Your goal:
Filter the material below down to the lines with the word "dvdzP" and give those lines.

Given records:
(* The congruence on words generated by the Coxeter presentation of \hat S_n:
   two words are related iff they represent the same element of \hat S_n. *)
Inductive aeq (n : nat) : word -> word -> Prop :=
| aeq_refl w : aeq n w w
| aeq_sym u v : aeq n u v -> aeq n v u
| aeq_trans u v w : aeq n u v -> aeq n v w -> aeq n u w
| aeq_ctx a b u v : aeq n u v -> aeq n (a ++ u ++ b) (a ++ v ++ b)
| aeq_mod i : aeq n [:: i] [:: i %% n]
| aeq_sq i : aeq n [:: i; i] [::]
| aeq_braid i j : adj_mod n i j -> aeq n [:: i; j; i] [:: j; i; j]
| aeq_comm i j : i %% n != j %% n -> ~~ adj_mod n i j -> aeq n [:: i; j] [:: j; i].

Definition rho_pow (n k : nat) (w : word) : word := map (fun i => (i + k) %% n) w.
Definition rho_powN (n k : nat) (w : word) : word :=
  map (fun i => (i + (n - k %% n)) %% n) w.

Definition swap (a b x : nat) : nat := if x == a then b else if x == b then a else x.

(* phi(s_i) = (i i+1) for 1 <= i <= n-1, phi(s_0) = (1 n), points 1..n *)
Definition phi_gen (n i : nat) : nat -> nat :=
  if i %% n == 0 then swap 1 n else swap (i %% n) (i %% n).+1.

Definition phi (n : nat) (w : word) : nat -> nat :=
  foldr (fun i f x => phi_gen n i (f x)) id w.

Definition glide_offset (n : nat) (w : word) (k : nat) : Prop :=
  k < n /\
  (forall j, 1 <= j <= n - k -> phi n w j = j + k) /\
  (forall j, n - k < j <= n -> phi n w j = j + k - n).

(* Realise \hat S_n as periodic permutations of Z: s_j acts as [sZ j], exchanging
   j + m n and j + 1 + m n for every m, and the rotation rho becomes conjugation
   by the translation x |-> x + 1.  A glide g of offset k then satisfies
   g x = x + k (mod n) for all x, and for two such periodic maps the identity of
   the theorem holds pointwise by a one-line computation.

   It remains to see that the action on Z is faithful on words modulo the
   Coxeter relations.  Every periodic bijection g has a normal form [nf g],
   obtained by repeatedly stripping its first right descent; the potential
   [mu g] = sum over a window of (g a - a)^2 strictly decreases, so this
   terminates.  By induction on [mu], the normal form can be computed by
   stripping any descent first: two different first choices are reconciled by
   a commutation relation when they are far apart and by a braid relation when
   they are adjacent.  Hence every word w is equivalent to [nf (actZ w)]. *)

From mathcomp Require Import all_boot all_order all_algebra zify.
Import Order.TTheory GRing.Theory Num.Theory.
Set Implicit Arguments. Unset Strict Implicit. Unset Printing Implicit Defensive.

Local Open Scope ring_scope.

Lemma eqn_mod_dvdz (n a b : nat) : (a %% n == b %% n)%N = (n%:Z %| a%:Z - b%:Z)%Z.
Proof. by rewrite -eqz_mod_dvd !modz_nat. Qed.

Lemma sum_lt_two_points (R : numDomainType) (I : finType) (F G : I -> R) (p q : I) :
  p != q -> (forall a, a != p -> a != q -> G a = F a) ->
  G p + G q < F p + F q -> \sum_a G a < \sum_a F a.
Proof.
move=> pq GF lt_pq.
have split2 (H : I -> R) :
    \sum_a H a = H p + H q + \sum_(a | (a != p) && (a != q)) H a.
  rewrite (bigD1 p) // (bigD1 q) 1?eq_sym //= addrA.
  by congr (_ + _); apply: eq_bigl => a; rewrite andbT.
rewrite !split2 (eq_bigr F) ?ltrD2r // => a /andP[]; exact: GF.
Qed.

Lemma sqr_swap_lt (X Y a : int) : Y < X ->
  (Y - a) ^+ 2 + (X - (a + 1)) ^+ 2 < (X - a) ^+ 2 + (Y - (a + 1)) ^+ 2.
Proof. by move=> YX; rewrite !expr2; lia. Qed.

Section AffinePermutations.
Variable n : nat.
Hypothesis n_ge2 : (2 <= n)%N.

Definition sZ (j x : int) : int :=
  if (n%:Z %| x - j)%Z then x + 1 else if (n%:Z %| x - j - 1)%Z then x - 1 else x.

Definition periodic (g : int -> int) : Prop :=
  forall x M, (n%:Z %| M)%Z -> g (x + M) = g x + M.

Lemma dvdz_small (c : int) : (n%:Z %| c)%Z -> - (2 * n%:Z) < c < 2 * n%:Z ->
  c = 0 \/ c = n%:Z \/ c = - n%:Z.
Proof.
move=> /dvdzP [q ->] c_bounds.
have [->|[->|[->|q_big]]] : q = 0 \/ q = 1 \/ q = -1 \/ 2 <= `|q| by lia.
- by left; rewrite mul0r.
- by right; left; rewrite mul1r.
- by right; right; rewrite mulN1r.
- exfalso; nia.
Qed.

Lemma sZ_up (M j x : int) : (n%:Z %| M)%Z ->
  x - j - M = 0 \/ x - j - M = n%:Z \/ x - j - M = - n%:Z -> sZ j x = x + 1.
Proof.
move=> dvdM xjM; rewrite /sZ.
have -> : x - j = (x - j - M) + M by rewrite subrK.
rewrite (rpredDr _ dvdM); suff -> : (n%:Z %| x - j - M)%Z by [].
by case: xjM => [->|[->|->]]; rewrite ?rpredN ?dvdzz ?dvdz0.
Qed.

Lemma sZ_down (M j x : int) : (n%:Z %| M)%Z ->
  x - j - M = 1 \/ x - j - M = n%:Z + 1 \/ x - j - M = 1 - n%:Z -> sZ j x = x - 1.
Proof.
move=> dvdM xjM; rewrite /sZ.
have -> : x - j - 1 = (x - j - M - 1) + M by lia.
rewrite (rpredDr _ dvdM); have -> /= : (n%:Z %| x - j - M - 1)%Z.
  by case: xjM => [->|[->|->]]; rewrite ?subrr ?addrK ?rpredN // addrAC subrr add0r rpredN.
case: ifP => // dvd_xj.
have : (n%:Z %| x - j - M)%Z by rewrite rpredB.
by move/dvdz_small; lia.
Qed.

Lemma sZ_fix (M j x : int) : (n%:Z %| M)%Z ->
  1 - 2 * n%:Z < x - j - M < 2 * n%:Z - 1 ->
  x - j - M != 0 -> x - j - M != n%:Z -> x - j - M != - n%:Z ->
  x - j - M != 1 -> x - j - M != n%:Z + 1 -> x - j - M != 1 - n%:Z -> sZ j x = x.
Proof.
move=> dvdM bounds *; rewrite /sZ.
case: ifP => [dvd_xj|_].
  have : (n%:Z %| x - j - M)%Z by rewrite rpredB.
  by move/dvdz_small; lia.
case: ifP => // dvd_xj1.
have : (n%:Z %| x - j - 1 - M)%Z by rewrite rpredB.
by move/dvdz_small; lia.
Qed.

(* Evaluates every innermost [sZ j x], given a multiple [M] of [n] for which
   [x - j - M] is determined by the context. *)
Ltac eval_sZ M :=
  repeat (match goal with |- context [sZ ?j ?x] =>
    lazymatch x with context [sZ _ _] => fail | _ =>
      first [ rewrite (@sZ_up M j x); [|done|lia]
            | rewrite (@sZ_down M j x); [|done|lia]
            | rewrite (@sZ_fix M j x); [|done|lia ..] ] end end).

Lemma window_decomp (y : int) :
  exists M r, [/\ (n%:Z %| M)%Z, 0 <= r < n%:Z & y = r + M].
Proof.
exists (y - (y %% n%:Z)%Z), (y %% n%:Z)%Z; split.
- by apply/dvdzP; exists (y %/ n%:Z)%Z; rewrite {1}(divz_eq y n%:Z) addrK.
- by rewrite modz_ge0 ?ltz_mod //=; lia.
- by rewrite addrC subrK.
Qed.

Lemma sZ_periodic (j : int) : periodic (sZ j).
Proof.
move=> x M dvdM; rewrite /sZ.
have -> : x + M - j = (x - j) + M by lia.
have -> : x - j + M - 1 = (x - j - 1) + M by lia.
by rewrite (rpredDr _ dvdM) (rpredDr _ dvdM); case: ifP => _; [lia | case: ifP => _; lia].
Qed.

Lemma sZ_mod (j j' x : int) : (n%:Z %| j - j')%Z -> sZ j x = sZ j' x.
Proof.
rewrite rpredBC => dvdj; rewrite /sZ.
have -> : x - j - 1 = (x - j' - 1) + (j' - j) by lia.
have -> : x - j = (x - j') + (j' - j) by lia.
by rewrite (rpredDr _ dvdj) (rpredDr _ dvdj).
Qed.

Lemma sZK (j : int) : involutive (sZ j).
Proof.
move=> x; have [M [r [dvdM r_bounds xjE]]] := window_decomp (x - j).
have [r0|[r1|[r0 r1]]] : r = 0 \/ r = 1 \/ (r != 0 /\ r != 1) by lia.
all: eval_sZ M; lia.
Qed.

Lemma sZ_comm (i d x : int) : 2 <= i - d <= n%:Z - 2 -> sZ i (sZ d x) = sZ d (sZ i x).
Proof.
move=> far; have [M [r [dvdM r_bounds xdE]]] := window_decomp (x - d).
have [r0|[r1|[rid|[rid1|[r0 [r1 [rid rid1]]]]]]] : r = 0 \/ r = 1 \/ r = i - d \/
  r = i - d + 1 \/ (r != 0 /\ r != 1 /\ r != i - d /\ r != i - d + 1) by lia.
all: eval_sZ M; lia.
Qed.

Lemma sZ_braid (p x : int) : (3 <= n)%N ->
  sZ p (sZ (p + 1) (sZ p x)) = sZ (p + 1) (sZ p (sZ (p + 1) x)).
Proof.
move=> n_ge3; have [M [r [dvdM r_bounds xpE]]] := window_decomp (x - p).
have [r0|[r1|[r2|[r0 [r1 r2]]]]] :
  r = 0 \/ r = 1 \/ r = 2 \/ (r != 0 /\ r != 1 /\ r != 2) by lia.
all: eval_sZ M; lia.
Qed.

Lemma sZ_translate (j k x : int) : sZ (j + k) x = sZ j (x - k) + k.
Proof.
rewrite /sZ; have -> : x - (j + k) = x - k - j by lia.
by case: ifP => _; [lia | case: ifP => _; lia].
Qed.

Definition actZ (w : word) : int -> int := foldr (fun i f x => sZ i%:Z (f x)) id w.

Lemma actZ_cat (u v : word) (x : int) : actZ (u ++ v) x = actZ u (actZ v x).
Proof. by elim: u => //= i u ->. Qed.

Lemma actZ_periodic (w : word) : periodic (actZ w).
Proof. by move=> x M dvdM; elim: w => //= i w ->; apply: sZ_periodic. Qed.

Lemma actZ_inj (w : word) : injective (actZ w).
Proof. by elim: w => //= i w IH x y /(can_inj (sZK i%:Z)) /IH. Qed.

Definition descent (g : int -> int) (x : int) : bool := g (x + 1) < g x.

Definition rmul (g : int -> int) (j : int) : int -> int := fun x => g (sZ j x).

Definition mu (g : int -> int) : int := \sum_(a < n) (g a%:Z - a%:Z) ^+ 2.

Lemma periodic_rmul (g : int -> int) (j : int) : periodic g -> periodic (rmul g j).
Proof. by move=> g_per x M dvdM; rewrite /rmul sZ_periodic // g_per. Qed.

Lemma mu_ge0 (g : int -> int) : 0 <= mu g.
Proof. by apply: sumr_ge0 => a _; rewrite sqr_ge0. Qed.

Lemma descent_mod (g : int -> int) (x y : int) :
  periodic g -> (n%:Z %| x - y)%Z -> descent g x = descent g y.
Proof.
move=> g_per dvdxy; rewrite /descent.
have -> : x = y + (x - y) by lia.
have -> : y + (x - y) + 1 = (y + 1) + (x - y) by lia.
by rewrite !(g_per _ _ dvdxy) ltrD2r.
Qed.

Lemma mu_rmul_descent_inner (g : int -> int) (d : nat) :
  (d.+1 < n)%N -> descent g d%:Z -> mu (rmul g d%:Z) < mu g.
Proof.
move=> dSn desc_d; have dn := ltnW dSn.
pose p : 'I_n := Ordinal dn; pose q : 'I_n := Ordinal dSn.
apply: (@sum_lt_two_points _ _ _ _ p q).
- by rewrite -val_eqE /= ltn_eqF.
- move=> a /negP ap /negP aq; rewrite /rmul.
  suff -> : sZ d%:Z a%:Z = a%:Z by [].
  have := ltn_ord a; rewrite -!val_eqE /= in ap aq.
  by move=> a_lt; eval_sZ (0 : int); lia.
rewrite /rmul /=; eval_sZ (0 : int).
have -> : d.+1%:Z = d%:Z + 1 by lia.
by rewrite addrK; apply: sqr_swap_lt.
Qed.

Lemma mu_rmul_descent_last (g : int -> int) (d : nat) : periodic g ->
  d.+1 = n -> descent g d%:Z -> mu (rmul g d%:Z) < mu g.
Proof.
rewrite /descent => g_per dSn desc_d; have dn : (d < n)%N by rewrite -dSn.
pose p : 'I_n := Ordinal (ltnW n_ge2); pose q : 'I_n := Ordinal dn.
apply: (@sum_lt_two_points _ _ _ _ p q).
- by rewrite -val_eqE /=; apply/eqP; lia.
- move=> a /negP ap /negP aq; rewrite /rmul.
  suff -> : sZ d%:Z a%:Z = a%:Z by [].
  have := ltn_ord a; rewrite -!val_eqE /= in ap aq.
  by move=> a_lt; eval_sZ (0 : int); lia.
rewrite /rmul /=; eval_sZ (0 : int).
have wrap_left : g (0%:Z - 1) = g d%:Z + - n%:Z.
  by rewrite -g_per ?rpredN ?dvdzz //; congr g; lia.
have wrap_right : g (d%:Z + 1) = g 0%:Z + n%:Z.
  by rewrite -g_per ?dvdzz //; congr g; lia.
have nE : n%:Z = d%:Z + 1 by lia.
rewrite wrap_left wrap_right in desc_d *; rewrite nE in desc_d *.
by have := sqr_swap_lt d%:Z desc_d; rewrite !expr2; lia.
Qed.

Lemma mu_rmul_descent (g : int -> int) (d : nat) :
  periodic g -> (d < n)%N -> descent g d%:Z -> mu (rmul g d%:Z) < mu g.
Proof.
move=> g_per dn desc_d; have [dSn|d_last] := ltnP d.+1 n.
  exact: mu_rmul_descent_inner.
by apply: mu_rmul_descent_last => //; lia.
Qed.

Written response:
move=> /dvdzP [q ->] c_bounds.
- by apply/dvdzP; exists (y %/ n%:Z)%Z; rewrite {1}(divz_eq y n%:Z) addrK.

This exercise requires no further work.